I can’t believe it. I’m in the final semester of my master’s program at the University of Hong Kong.
Never have I thought it would be possible for me to work full-time while going to school part-time, and neither have I thought I would be doing my master’s in Hong Kong, instead of my home country Canada.
Yet the opportunity came to my doorstep, and here I am accepting the challenge.
I love being a student again – going to campus with other free-spirited individuals who are so young, so innocent and hungry for knowledge. I’m not too old myself but I definitely feel the difference going to school this time around.
Time flew by and I return to school with a new perspective on life. I envy those who have 15 hours of classes a week, while I have close to 40 hours of work each week while attending three hours of lectures three nights a week, and spending my two days off locked up in my room doing everything life throws at me plus readings and homework.
It’s been crazy trying to balance all these things.
I’m trying to convince myself of a crazy philosophy and to live by this standard: “Work hard, play harder.” I deserve it, after all.
I’m lucky to have a rather unusual work schedule, which so far has been working in my favor.
I work from Tuesday to Saturday, and those days include two nights of classes that last until 9 p.m.
Otherwise, I work until 7 p.m., and try to have a life afterwards, meaning dinner and catch-up with friends, or having some time for myself for some peace and reflection.
I spend time on a patio looking at the lights of the city, and other nights on campus, chatting away with my classmates who have become my new friends.

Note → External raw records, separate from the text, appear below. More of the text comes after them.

Definition D (n : nat) (lam : R) (W : 'I_n -> 'I_n -> R) (x z : cvec n) : R :=
  / 2 * dist2 z x + lam * PW W x.

Definition cvcomb (n : nat) (t : R) (x y : cvec n) : cvec n :=
  fun i => (t * fst (x i) + (1 - t) * fst (y i), t * snd (x i) + (1 - t) * snd (y i)).

Definition strictly_convex (n : nat) (f : cvec n -> R) : Prop :=
  forall (x y : cvec n) (t : R), x <> y -> 0 < t < 1 ->
    f (cvcomb t x y) < t * f x + (1 - t) * f y.

Definition is_minimizer (n : nat) (f : cvec n -> R) (x : cvec n) : Prop :=
  forall y : cvec n, f x <= f y.

(* max_i sum_{j <> i} w_{i,j}  (0 for n = 0; entries are nonnegative) *)
Definition max_offdiag_rowsum (n : nat) (W : 'I_n -> 'I_n -> R) : R :=
  \big[Rmax/0]_(i < n) (\big[Rplus/0]_(j < n | j != i) W i j).

(* Put r := max_i sum_(j <> i) w_ij.  The data term is 1-strongly convex and the
   l1 term is convex.  The coupling term is not convex, but the reverse triangle
   inequality | |u| - |v| | <= |u - v| bounds its defect at a pair (i, j) by
   w_ij (|x_i - y_i|^2 + |x_j - y_j|^2) / 2, and summing over the symmetric W
   bounds the total defect by r |x - y|^2.  Hence D is (1 - lam r)-strongly
   convex, so strictly convex; and strong convexity at midpoints makes every
   minimizing sequence Cauchy, whose limit is the minimizer. *)
From HB Require Import structures.
From Stdlib Require Import Reals Lra Psatz Classical ClassicalEpsilon FunctionalExtensionality.
From mathcomp Require Import all_boot.
Set Implicit Arguments.
Unset Strict Implicit.
Open Scope R_scope.

Lemma Rplus_associative : associative Rplus. Proof. by move=> a b c; ring. Qed.
HB.instance Definition _ :=
  Monoid.isComLaw.Build R 0 Rplus Rplus_associative Rplus_comm Rplus_0_l.

Section FiniteSums.
Variable n : nat.
Implicit Types f g : 'I_n -> R.

Lemma rsum_ext f g : (forall i, f i = g i) -> rsum f = rsum g.
Proof. by move=> H; apply: eq_bigr => i _. Qed.

Lemma rsum_plus f g : rsum (fun i => f i + g i) = rsum f + rsum g.
Proof. exact: big_split. Qed.

Lemma rsum_scal c f : rsum (fun i => c * f i) = c * rsum f.
Proof.
apply: (big_rec2 (fun a b => a = c * b)); first by ring.
by move=> i a b _ ->; ring.
Qed.

Lemma rsum_le f g : (forall i, f i <= g i) -> rsum f <= rsum g.
Proof.
move=> H; apply: (big_rec2 (fun a b => a <= b)); first lra.
by move=> i a b _ Hab; have := H i; lra.
Qed.

Lemma rsum_ge0 f : (forall i, 0 <= f i) -> 0 <= rsum f.
Proof.
move=> H; apply: (big_rec (fun a => 0 <= a)) => [|i a _ Ha]; first lra.
by have := H i; lra.
Qed.

Lemma rsum_term_le f i : (forall j, 0 <= f j) -> f i <= rsum f.
Proof.
move=> H; rewrite /rsum (bigD1 i) //=.
have : 0 <= \big[Rplus/0]_(j < n | j != i) f j.
  by apply: (big_rec (fun a => 0 <= a)) => [|j a _ Ha]; [lra | have := H j; lra].
by move=> ?; rewrite -{1}[f i]Rplus_0_r; apply: Rplus_le_compat_l.
Qed.

Lemma rsum_exch (F : 'I_n -> 'I_n -> R) :
  rsum (fun i => rsum (F i)) = rsum (fun j => rsum (fun i => F i j)).
Proof. exact: exchange_big. Qed.

End FiniteSums.

Lemma Rmax_big_ge n (g : 'I_n -> R) i : g i <= \big[Rmax/0]_(k < n) g k.
Proof.
have : i \in index_enum 'I_n by rewrite mem_index_enum.
elim: (index_enum 'I_n) => [|a s IH] //=.
rewrite inE big_cons => /orP [/eqP <-|Hs]; first exact: Rmax_l.
exact: Rle_trans (IH Hs) (Rmax_r _ _).
Qed.

Lemma rowsum_le_max_offdiag n (W : 'I_n -> 'I_n -> R) :
  (forall i, W i i = 0) -> forall i, rsum (W i) <= max_offdiag_rowsum W.
Proof.
move=> Wdiag i; rewrite /rsum (bigD1 i) //= Wdiag Rplus_0_l.
exact: (Rmax_big_ge (fun i => \big[Rplus/0]_(j < n | j != i) W i j)).
Qed.

Definition sqdist (u v : R * R) : R := (fst u - fst v) ^ 2 + (snd u - snd v) ^ 2.

Lemma dist2E n (x y : cvec n) : dist2 x y = rsum (fun i => sqdist (x i) (y i)).
Proof. by []. Qed.

Lemma sqdist_ge0 u v : 0 <= sqdist u v.
Proof. by rewrite /sqdist; have := pow2_ge_0 (fst u - fst v); have := pow2_ge_0 (snd u - snd v); lra. Qed.

Lemma cmod_ge0 u : 0 <= cmod u.
Proof. exact: sqrt_pos. Qed.

Lemma cmod_sqr u : cmod u * cmod u = fst u * fst u + snd u * snd u.
Proof. by rewrite /cmod sqrt_sqrt //; nra. Qed.

Lemma dot_le_cmod u v : fst u * fst v + snd u * snd v <= cmod u * cmod v.
Proof.
have hu := cmod_sqr u; have hv := cmod_sqr v.
have lagrange : (fst u * fst v + snd u * snd v) ^ 2 <= (cmod u * cmod v) ^ 2.
  have -> : (cmod u * cmod v) ^ 2 = (cmod u * cmod u) * (cmod v * cmod v) by ring.
  by rewrite hu hv; have := pow2_ge_0 (fst u * snd v - snd u * fst v); move=> *; nra.
have := Rmult_le_pos _ _ (cmod_ge0 u) (cmod_ge0 v); move=> *; nra.
Qed.

Lemma cmod_convex t u v : 0 <= t <= 1 ->
  cmod (t * fst u + (1 - t) * fst v, t * snd u + (1 - t) * snd v)
  <= t * cmod u + (1 - t) * cmod v.
Proof.
move=> Ht; set w := (_, _); set m := t * cmod u + (1 - t) * cmod v.
have hw := cmod_sqr w; rewrite /w /= in hw.
have hu := cmod_sqr u; have hv := cmod_sqr v; have huv := dot_le_cmod u v.
have hu0 := cmod_ge0 u; have hv0 := cmod_ge0 v.
have ht : 0 <= t * (1 - t) by nra.
have sqr_le : cmod w * cmod w <= m * m.
  have -> : m * m = t * t * (cmod u * cmod u) + (1 - t) * (1 - t) * (cmod v * cmod v)
                    + 2 * (t * (1 - t)) * (cmod u * cmod v) by rewrite /m; ring.
  by rewrite hw hu hv; nra.
have : 0 <= m by rewrite /m; nra.
have := cmod_ge0 w; move=> *; nra.
Qed.

Lemma cmod_diff_sqr_le u v : (cmod u - cmod v) ^ 2 <= sqdist u v.
Proof. by rewrite /sqdist; have := cmod_sqr u; have := cmod_sqr v; have := dot_le_cmod u v; move=> *; nra. Qed.

Section Distance.
Variable n : nat.
Implicit Types x y z : cvec n.

Lemma dist2_ge0 x y : 0 <= dist2 x y.
Proof. by apply: rsum_ge0 => i; apply: sqdist_ge0. Qed.

Lemma dist2_coord_le x y i :
  (fst (x i) - fst (y i)) ^ 2 <= dist2 x y /\ (snd (x i) - snd (y i)) ^ 2 <= dist2 x y.
Proof.
have := rsum_term_le i (fun j => sqdist_ge0 (x j) (y j)); rewrite -dist2E /sqdist.
by have := pow2_ge_0 (fst (x i) - fst (y i)); have := pow2_ge_0 (snd (x i) - snd (y i)); lra.
Qed.

Lemma dist2_pos x y : x <> y -> 0 < dist2 x y.
Proof.
move=> Hxy; case: (Rle_lt_dec (dist2 x y) 0) => // Hle; exfalso; apply: Hxy.
apply: functional_extensionality => i; have [h1 h2] := dist2_coord_le x y i.
rewrite [x i]surjective_pairing [y i]surjective_pairing.
by congr pair; apply: Rle_antisym; nra.
Qed.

My Sundays become “Study Sundays”, the day I lock myself up in my room to finish all my homework. To save time, I’ve also developed a horrible habit – McDonald’s delivery, the convenience of not having to leave my flat for lunch or dinner.
Then comes “HKU Monday”.
I usually do all miscellaneous tasks such as doctor’s appointment, banking and buying supplies on this day or attend interesting lectures on campus. Then my night ends with a class that runs from 6 p.m. to 9 p.m.
I seem to have my life under control. Everything seems to be quite organized, or so I thought.
But as I reflect on my sleeping schedule, my stress level and my body signals, I can’t help but face the reality. The truth is I’m burning out.
Going for a master’s degree is no joke. I’m doing something really great, something much bigger than myself, and I’m paying a lot for it. Financially, physically and emotionally.
Without realizing it, I’ve sucked myself into the typical Hong Kong lifestyle.
I want to do more than what my body is capable of. How did I get myself in this mess?
This part-time master’s program takes two years, and it’s been a very deep learning curve for me. I was falling into a deep black hole without even realizing the consequences of how it can destroy me.
After a year of full-time work, I called it quits and found work that better matched the hours and lifestyle I needed for school. I taught myself to re-adjust. I told myself that it is okay and found a new way to balance my life.
It was scary to see myself falling apart, to suffer from a work burnout that took a toll on my health and well-being but I’m finally changing the rules of the game.
Life is tricky but we need to look back and reflect and make the necessary changes.
I’m glad I did. Doing my master’s in Hong Kong was the best decision I’ve ever made and I don’t regret any of it.